* _About this exercise_:
Throughout the entries below, report every line where "eqVneq" is found.

* _Supplied information_:

(* Let $\mathbb{F}_q$ be any finite field and let $\mathcal{Q}=\mathbb{F}_q^3$ with the relation: $(x_1,y_1,z_1)$ and $(x_2,y_2,z_2)$ commute iff $x_1y_2-y_1x_2=z_1-z_2$. Then there exist two lines $L_1,L_2$ in $\mathbb{F}_q^3$ such that $L_1\cup L_2$ is a non-commuting subset of $\mathcal{Q}$ of cardinality $2q$ which is not contained in any strictly larger non-commuting subset of $\mathcal{Q}$.
   Context: A line in $\mathbb{F}_q^3$ is a set $\{p+tv: t\in\mathbb{F}_q\}$ with $p\in\mathbb{F}_q^3$, $v\in\mathbb{F}_q^3\setminus\{0\}$. A subset of $\mathcal{Q}$ is non-commuting if no two distinct elements of it commute. *)

From HB Require Import structures.
From mathcomp Require Import all_boot all_order all_algebra all_field.
Set Implicit Arguments. Unset Strict Implicit. Unset Printing Implicit Defensive.
Import GRing.Theory.
Local Open Scope ring_scope.

(* Points of F_q^3 are triples ((x, y), z) : F * F * F. *)

Definition qcommute (F : fieldType) (a b : F * F * F) : bool :=
  a.1.1 * b.1.2 - a.1.2 * b.1.1 == a.2 - b.2.

Definition is_line (F : finFieldType) (L : {set F * F * F}) : Prop :=
  exists (p v : F * F * F), v != (0, 0, 0) /\
    L = [set ((p.1.1 + t * v.1.1, p.1.2 + t * v.1.2), p.2 + t * v.2) | t : F].

Definition non_commuting (F : finFieldType) (S : {set F * F * F}) : Prop :=
  forall a b, a \in S -> b \in S -> a != b -> ~~ qcommute a b.

From HB Require Import structures.
From mathcomp Require Import all_boot all_order all_algebra all_field.
From mathcomp Require Import ring.
Set Implicit Arguments. Unset Strict Implicit. Unset Printing Implicit Defensive.
Import GRing.Theory.
Local Open Scope ring_scope.

(* Take L1 = {(t, 0, t)} and L2 = {(t, 1, 1)}. A point (u, 0, u) of L1 commutes
   with (x, y, z) iff u (1 - y) = z, and a point (u, 1, 1) of L2 iff
   u y - x = 1 - z. Inside L1 :|: L2 these equations force the two points to
   coincide, so the union is non-commuting; conversely every point of F^3
   commutes with a point of L1 (if y <> 1) or of L2 (if y = 1), so no point can
   be added. *)

Lemma non_commuting_maximal (F : finFieldType) (S T : {set F * F * F}) :
  (forall b, exists2 a, a \in S & qcommute a b) ->
  non_commuting T -> S \subset T -> T = S.
Proof.
move=> commS ncT sST; apply/eqP; rewrite eqEsubset sST andbT.
apply/subsetP => b bT; have [a aS ab] := commS b.
have [<- //|neq_ab] := eqVneq a b.
by move: (ncT a b (subsetP sST a aS) bT neq_ab); rewrite ab.
Qed.

Section TwoLines.
Variable F : finFieldType.

Definition diag_pt (t : F) : F * F * F := (t, 0, t).
Definition level_pt (t : F) : F * F * F := (t, 1, 1).

Definition diag_line : {set F * F * F} := [set diag_pt t | t : F].
Definition level_line : {set F * F * F} := [set level_pt t | t : F].

Lemma qcommute_diag_pt u (b : F * F * F) :
  qcommute (diag_pt u) b = (u * (1 - b.1.2) == b.2).
Proof.
case: b => [[x y] z]; rewrite /qcommute /= mul0r subr0.
by apply/eqP/eqP => h; [rewrite mulrBr mulr1 h | rewrite -h]; ring.
Qed.

Lemma qcommute_level_pt u (b : F * F * F) :
  qcommute (level_pt u) b = (u * b.1.2 - b.1.1 == 1 - b.2).
Proof. by rewrite /qcommute /= mul1r. Qed.

Lemma diag_pt_inj : injective diag_pt.
Proof. by move=> s t [->]. Qed.

Lemma level_pt_inj : injective level_pt.
Proof. by move=> s t [->]. Qed.

Lemma is_line_diag_line : is_line diag_line.
Proof.
exists (0, 0, 0), (1, 0, 1); split.
  by apply/negP => /eqP [] /eqP; rewrite oner_eq0.
by apply: eq_imset => t; rewrite /diag_pt mulr1 mulr0 !add0r.
Qed.

Lemma is_line_level_line : is_line level_line.
Proof.
exists (0, 1, 1), (1, 0, 0); split.
  by apply/negP => /eqP [] /eqP; rewrite oner_eq0.
by apply: eq_imset => t; rewrite /level_pt mulr1 mulr0 add0r addr0.
Qed.

Lemma disjoint_diag_level : [disjoint diag_line & level_line].
Proof.
apply/pred0P => a /=; apply/andP => -[/imsetP[s _ ->] /imsetP[t _ []]] _ /eqP.
by rewrite eq_sym oner_eq0.
Qed.

Lemma card_diag_level : #|diag_line :|: level_line| = (2 * #|F|)%N.
Proof.
rewrite cardsU disjoint_setI0 ?disjoint_diag_level // cards0 subn0.
by rewrite (card_imset _ diag_pt_inj) (card_imset _ level_pt_inj) addnn mul2n.
Qed.

Lemma non_commuting_diag_level : non_commuting (diag_line :|: level_line).
Proof.
have one_neq0 : (1 : F) != 0 by rewrite oner_eq0.
move=> a b; rewrite !in_setU.
case/orP=> /imsetP[u _ ->]; case/orP=> /imsetP[t _ ->]; apply: contra.
- by rewrite qcommute_diag_pt /= subr0 mulr1 => /eqP ->.
- by rewrite qcommute_diag_pt /= subrr mulr0 eq_sym (negbTE one_neq0).
- rewrite qcommute_level_pt /= mulr0 sub0r => /eqP opp_t.
  by move: one_neq0; rewrite -(subrK t 1) -opp_t addNr eqxx.
- by rewrite qcommute_level_pt /= mulr1 subrr subr_eq0 => /eqP ->.
Qed.

Lemma commutes_with_diag_level b :
  exists2 a, a \in diag_line :|: level_line & qcommute a b.
Proof.
case: b => [[x y] z]; case: (eqVneq y 1) => [->|y_neq1].
  exists (level_pt (1 + x - z)); first by rewrite in_setU imset_f ?orbT.
  by rewrite qcommute_level_pt /=; apply/eqP; ring.
have nz : 1 - y != 0 by rewrite subr_eq0 eq_sym.
exists (diag_pt (z / (1 - y))); first by rewrite in_setU imset_f.
by rewrite qcommute_diag_pt /= divfK.
Qed.

End TwoLines.

Theorem lemma7p3 (F : finFieldType) :
  exists L1 L2 : {set F * F * F},
    [/\ is_line L1, is_line L2,
        non_commuting (L1 :|: L2),
        #|L1 :|: L2| = (2 * #|F|)%N &
        forall T : {set F * F * F},
          non_commuting T -> (L1 :|: L2) \subset T -> T = L1 :|: L2].
Proof.
exists (diag_line F), (level_line F); split.
- exact: is_line_diag_line.
- exact: is_line_level_line.
- exact: non_commuting_diag_level.
- exact: card_diag_level.
- move=> T; apply: non_commuting_maximal; exact: commutes_with_diag_level.
Qed.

* _Your solution_:
have [<- //|neq_ab] := eqVneq a b.
case: b => [[x y] z]; case: (eqVneq y 1) => [->|y_neq1].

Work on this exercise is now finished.